Abstract
Moving at 1.5 m/sec towards a cloud of dots that extends beyond 5 m distance, an eye rotation of 3 deg/sec displaces the centre in the retinal flow by about 10 deg. If the heading direction is represented by a set of templates tuned to different loci for the center of expansion, how does the visual system compensate for such an effect of eye rotation? One suggestion is that oculo-motor signals are used to remove the rotational component at the level of the local motion detectors, which then form the input to a map of head-centric expansion templates (Royden et al. 1994). This would predict that the perceived heading is always shifted relative to the center in the retinal flow in the direction opposite to the eye rotation. To test this idea, we presented to the moving eye (1) pure retinal expansion, or (2) pure expansion on the screen. The cloud stimuli were presented in random order, for varying horizontal heading directions (1.5 m/s) and amounts of eye rotation (up to 3 deg/sec) about the vertical axis. Subjects were asked to indicate their direction of self-motion at the end of each trial. For condition ( 1 ), perceived heading differed less than 2.5 degrees from the center of the retinal expansion.
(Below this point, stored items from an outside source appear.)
Lemma Astar_NS_VAstar C c v : in_Astar e x C -> c \in C -> e x v -> e c v ->
  v \in NS e (VAstar e x).
Proof.
move=> AC cC xv cv; rewrite inE Nx_notin_VAstar //; apply/existsP; exists c.
by rewrite cv andbT inE; apply/existsP; exists C; rewrite AC.
Qed.

Lemma notin_Astar_witness C c : is_comp e W C -> ~~ in_Astar e x C -> c \in C ->
  exists t, [/\ t \in NS e C, e x t & ~~ e c t].
Proof.
move=> compC nAC cC.
have sub : Nv e x :&: Nv e c \subset Nv e x :&: NS e C.
  apply/subsetP => t /setIP [xt ct]; rewrite in_setI xt /=.
  by rewrite !inE in xt ct; apply: comp_NS cC xt ct.
have : ~~ (Nv e x :&: Nv e c == Nv e x :&: NS e C).
  by apply: contra nAC => eqN; rewrite /in_Astar compC; apply/existsP; exists c; rewrite cC.
rewrite eqEsubset sub /= => /subsetPn [t /setIP [xt tC]].
by rewrite inE in xt; rewrite !inE xt => ct; exists t.
Qed.

Hypotheses (noC6 : ~ has_Ck e 6) (noC7 : ~ has_Ck e 7).

Ltac distinct := match goal with |- is_true (?u != ?v) => first
  [ assumption | rewrite eq_sym; assumption
  | by apply: N2_neq_N | by rewrite eq_sym; apply: N2_neq_N
  | by apply: N2_neq | by rewrite eq_sym; apply: N2_neq
  | by apply: edge_neq | by rewrite eq_sym; apply: edge_neq ] end.

Ltac no_cycle noCk u0 s :=
  exfalso; apply: noCk; apply: (@ucycle_has_Ck _ e u0 s);
  rewrite /ucycle /= !inE !negb_or ?andbT; repeat (apply/andP; split);
  solve [ done | rewrite esym; done | distinct ].

Section NeighboursInD.
Variables (A : {set T}) (a v1 v2 : T).
Hypotheses (compA : is_comp e W A) (aA : a \in A) (v12 : v1 != v2).
Hypotheses (av1 : e a v1) (av2 : e a v2) (xv1 : e x v1) (xv2 : e x v2).
Local Notation V := [set v1; v2].

Let aW : a \in W. Proof. exact: subsetP (comp_sub compA) a aA. Qed.

Lemma comp_star : {in A, forall z, z = a \/ e a z}.
Proof.
apply: (comp_ind compA aA); first by left.
move=> y z yA zA yz [ya | ay]; first by right; rewrite -ya.
have [-> | za] := eqVneq z a; first by left.
(* a 2-path a y z in N_2(x) closes a 6-cycle through v1 or v2 and x *)
have [yW zW] := (subsetP (comp_sub compA) y yA, subsetP (comp_sub compA) z zA).
case: (N2_has_parent zW) => t xt tz.
case: (eqVneq t v1) tz xt => [-> | tv1] tz xt; first by no_cycle noC6 v2 [:: a; y; z; v1; x].
by no_cycle noC6 v1 [:: a; y; z; t; x].
Qed.

Lemma Nx_neighbour_in_V z t : z \in W -> z != a -> e z v1 || e z v2 ->
  e x t -> e z t -> t \in V.
Proof.
move=> zW za zV xt zt; apply: contraT; rewrite !inE negb_or => /andP [tv1 tv2].
case/orP: zV => zv; first by no_cycle noC6 a [:: v2; x; t; z; v1].
by no_cycle noC6 a [:: v1; x; t; z; v2].
Qed.

Lemma Nx_neighbour_in_V2 z y t : z \in W -> y \in W -> z != a -> y != a ->
  e z y -> e y v1 || e y v2 -> e x t -> e z t -> t \in V.
Proof.
move=> zW yW za ya zy yV xt zt; apply: contraT; rewrite !inE negb_or => /andP [tv1 tv2].
case/orP: yV => yv; first by no_cycle noC7 t [:: z; y; v1; a; v2; x].
by no_cycle noC7 t [:: z; y; v2; a; v1; x].
Qed.

Lemma comp_Nx_neighbour_in_V C c : is_comp e W C -> a \notin C -> c \in C -> e c v1 || e c v2 ->
  {in C, forall z t, e x t -> e z t -> t \in V}.
Proof.
move=> compC aC cC cV; have CW := subsetP (comp_sub compC).
have neq_a z : z \in C -> z != a by move=> zC; apply: contraNneq aC => <-.
apply: (comp_ind compC cC) => [t | y z yC zC yz tied_y t xt zt].
  by apply: Nx_neighbour_in_V; rewrite ?CW ?neq_a.
have [s xs sy] := N2_has_parent (CW y yC); rewrite esym in sy.
have yV : e y v1 || e y v2 by case/set2P: (tied_y s xs sy) => <-; rewrite sy ?orbT.
apply: (Nx_neighbour_in_V2 (z := z) (y := y)) => //; try by [apply: CW | apply: neq_a].
by rewrite esym.
Qed.

Hypothesis A_notin_Astar : ~~ in_Astar e x A.

Lemma exists_outer_edge : exists u b, [/\ e x u, ~~ e a u, b \in A, e b u & e a b].
Proof.
have [u [uA xu au]] := notin_Astar_witness compA A_notin_Astar aA.
have [b bA bu] := NS_witness uA.
case: (comp_star bA) => [ba | ab]; first by move: bu; rewrite ba (negbTE au).
by exists u, b.
Qed.

Lemma comp_V_neighbour : {in A, forall w, e w v1 || e w v2 -> w = a}.
Proof.
move=> w wA wV; apply/eqP/contraT => wa.
have [u [b [xu au bA bu ab]]] := exists_outer_edge.
have aw : e a w by case: (comp_star wA) => // wa'; rewrite wa' eqxx in wa.
have [wW bW] := (subsetP (comp_sub compA) w wA, subsetP (comp_sub compA) b bA).
have [uv1 uv2] : u != v1 /\ u != v2 by split; apply: contraNneq au => ->.
have [wb | wb] := eqVneq w b; [subst w | ]; case/orP: wV => wv.
- by no_cycle noC6 a [:: v2; x; u; b; v1].
- by no_cycle noC6 a [:: v1; x; u; b; v2].
- by no_cycle noC6 w [:: v1; x; u; b; a].
- by no_cycle noC6 w [:: v2; x; u; b; a].
Qed.

Hypotheses (v1D : v1 \notin NS e (VAstar e x)) (v2D : v2 \notin NS e (VAstar e x)).

Lemma V_comp_notin_Astar (C : {set T}) c :
  c \in C -> e c v1 || e c v2 -> ~~ in_Astar e x C.
Proof.
move=> cC cV; apply/negP => AC.
by case/orP: cV => cv; [move/negP: v1D | move/negP: v2D];
  apply; apply: Astar_NS_VAstar AC cC _ cv.
Qed.

Lemma V_comp_NS C c : is_comp e W C -> a \notin C -> c \in C -> e c v1 || e c v2 ->
  NS e C :&: Nv e x = V.
Proof.
move=> compC aC cC cV; have tied := comp_Nx_neighbour_in_V compC aC cC cV.
have [t [tC xt ct]] := notin_Astar_witness compC (V_comp_notin_Astar cC cV) cC.
have tV : t \in V by have [s sC st] := NS_witness tC; apply: tied sC _ xt st.
apply/eqP; rewrite eqEsubset; apply/andP; split; apply/subsetP => v.
  by case/setIP => /NS_witness [s sC sv]; rewrite inE => xv; apply: tied sC _ xv sv.
move=> vV; have xv : e x v by case/set2P: vV => ->.
rewrite in_setI [v \in Nv e x]inE xv andbT.
have [cv | ncv] := boolP (e c v); first exact: comp_NS cC xv cv.
suff -> : v = t by [].
by case/set2P: vV tV cV ncv ct => -> /set2P [] ->; rewrite // => /orP [] ->.
Qed.

Lemma V_comp_witness C v :
  NS e C :&: Nv e x = V -> v \in V -> exists2 c, c \in C & e c v.
Proof. by move=> NSC; rewrite -NSC => /setIP [/NS_witness]. Qed.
For condition (2), a nearly complete compensation for the eye rotation occurred and perceived heading differed less than 2.5 degrees from the simulated heading direction. This indicates that the oculomotor signal affects the perceived heading only if the rotational component is present in the retinal flow. These results are more consistent with an alternative model in which the oculo-motor signal is combined higher up in the visual system with motion templates, that indicate the amount of retinal rotational flow.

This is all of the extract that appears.